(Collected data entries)
(* Let $b_1$ and $b_2$ be slowly varying functions satisfying $\lim_{t\to0^+}b_i(t)\in(0,\infty)$ for $i=1,2$. Then the function $b$ defined for $t\in(0,\infty)$ by \[b(t)=\begin{cases} b_2\!\left(\frac1t-1\right) & t<1,\\ 1 & t=1,\\ b_1(t-1) & t>1,\end{cases}\] is also slowly varying and satisfies $b(t)\approx b_2(1/t)$ for $t\in(0,1)$ and $b\approx b_1$ on $(1,\infty)$.
   Context: A measurable function $b:(0,\infty)\to(0,\infty)$ is called slowly varying if for every $\varepsilon>0$ there exist a non-decreasing function $b_\varepsilon$ and a non-increasing function $b_{-\varepsilon}$ on $(0,\infty)$ such that $t^{\varepsilon}b(t)\approx b_\varepsilon(t)$ and $t^{-\varepsilon}b(t)\approx b_{-\varepsilon}(t)$ on $(0,\infty)$, where $f\approx g$ on a set $A$ means $C^{-1}g(t)\le f(t)\le Cg(t)$ for all $t\in A$, for some constant $C\ge1$ independent of $t$. *)

(* R : realType, functions R -> R, only their
   values on (0, +oo) matter. *)
From mathcomp Require Import all_boot all_order all_algebra.
From mathcomp Require Import all_classical all_reals all_analysis.
Import Order.TTheory GRing.Theory Num.Theory numFieldNormedType.Exports.
Local Open Scope classical_set_scope.
Local Open Scope ring_scope.

Definition approx_on {R : realType} (A : set R) (f g : R -> R) : Prop :=
  exists C : R, 1 <= C /\
    forall t, A t -> C^-1 * g t <= f t /\ f t <= C * g t.

Definition nondecreasing_on {R : realType} (A : set R) (f : R -> R) : Prop :=
  forall s t, A s -> A t -> s <= t -> f s <= f t.

Definition nonincreasing_on {R : realType} (A : set R) (f : R -> R) : Prop :=
  forall s t, A s -> A t -> s <= t -> f t <= f s.

Definition slowly_varying {R : realType} (b : R -> R) : Prop :=
  measurable_fun (`]0%R, +oo[ : set R) b /\
  (forall t : R, 0 < t -> 0 < b t) /\
  forall eps : R, 0 < eps ->
    (exists bp : R -> R, nondecreasing_on `]0%R, +oo[ bp /\
        approx_on `]0%R, +oo[ (fun t => powR t eps * b t) bp) /\
    (exists bm : R -> R, nonincreasing_on `]0%R, +oo[ bm /\
        approx_on `]0%R, +oo[ (fun t => powR t (- eps) * b t) bm).

Definition glued_sv {R : realType} (b1 b2 : R -> R) (t : R) : R :=
  if t < 1 then b2 (t^-1 - 1) else if t == 1 then 1 else b1 (t - 1).

(* Write f ≍ g on A ([approx_on]) when f / g is bounded above and below on A.
   A positive b is slowly varying iff, for every ε > 0, t^ε b(t) is
   quasi-increasing and t^-ε b(t) quasi-decreasing (sup-envelopes give the
   monotone equivalents); both properties are invariant under ≍ and can be
   glued at a point, and t ↦ 1/t exchanges them, so t ↦ b2(1/t) is slowly
   varying.  The glued function is ≍ b2(1/t) on (0,1) and ≍ b1 on (1,∞)
   because b(t - 1) ≍ b(t) on (1,∞): on (1,2] both stay between positive
   constants (limit at 0+ on (0,δ), the ε = 1 bound on [δ,2]), and for t ≥ 2
   the ε = 1 bound compares b at two points whose ratio is at most 2. *)

From mathcomp Require Import all_boot all_order all_algebra.
From mathcomp Require Import all_classical all_reals all_analysis.
From mathcomp Require Import ring lra measurable_realfun.
Import Order.TTheory GRing.Theory Num.Theory numFieldNormedType.Exports.
Local Open Scope classical_set_scope.
Local Open Scope ring_scope.

Section ApproxOn.
Context {R : realType}.
Implicit Types (A B : set R) (f g h : R -> R).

■ Your task
What is asked for is an exact copy of the lines above from the one containing "monotone equivalents); both" through the one containing "because b(t - 1)", and only those.

■ Solution to this exercise
   monotone equivalents); both properties are invariant under ≍ and can be
   glued at a point, and t ↦ 1/t exchanges them, so t ↦ b2(1/t) is slowly
   varying.  The glued function is ≍ b2(1/t) on (0,1) and ≍ b1 on (1,∞)
   because b(t - 1) ≍ b(t) on (1,∞): on (1,2] both stay between positive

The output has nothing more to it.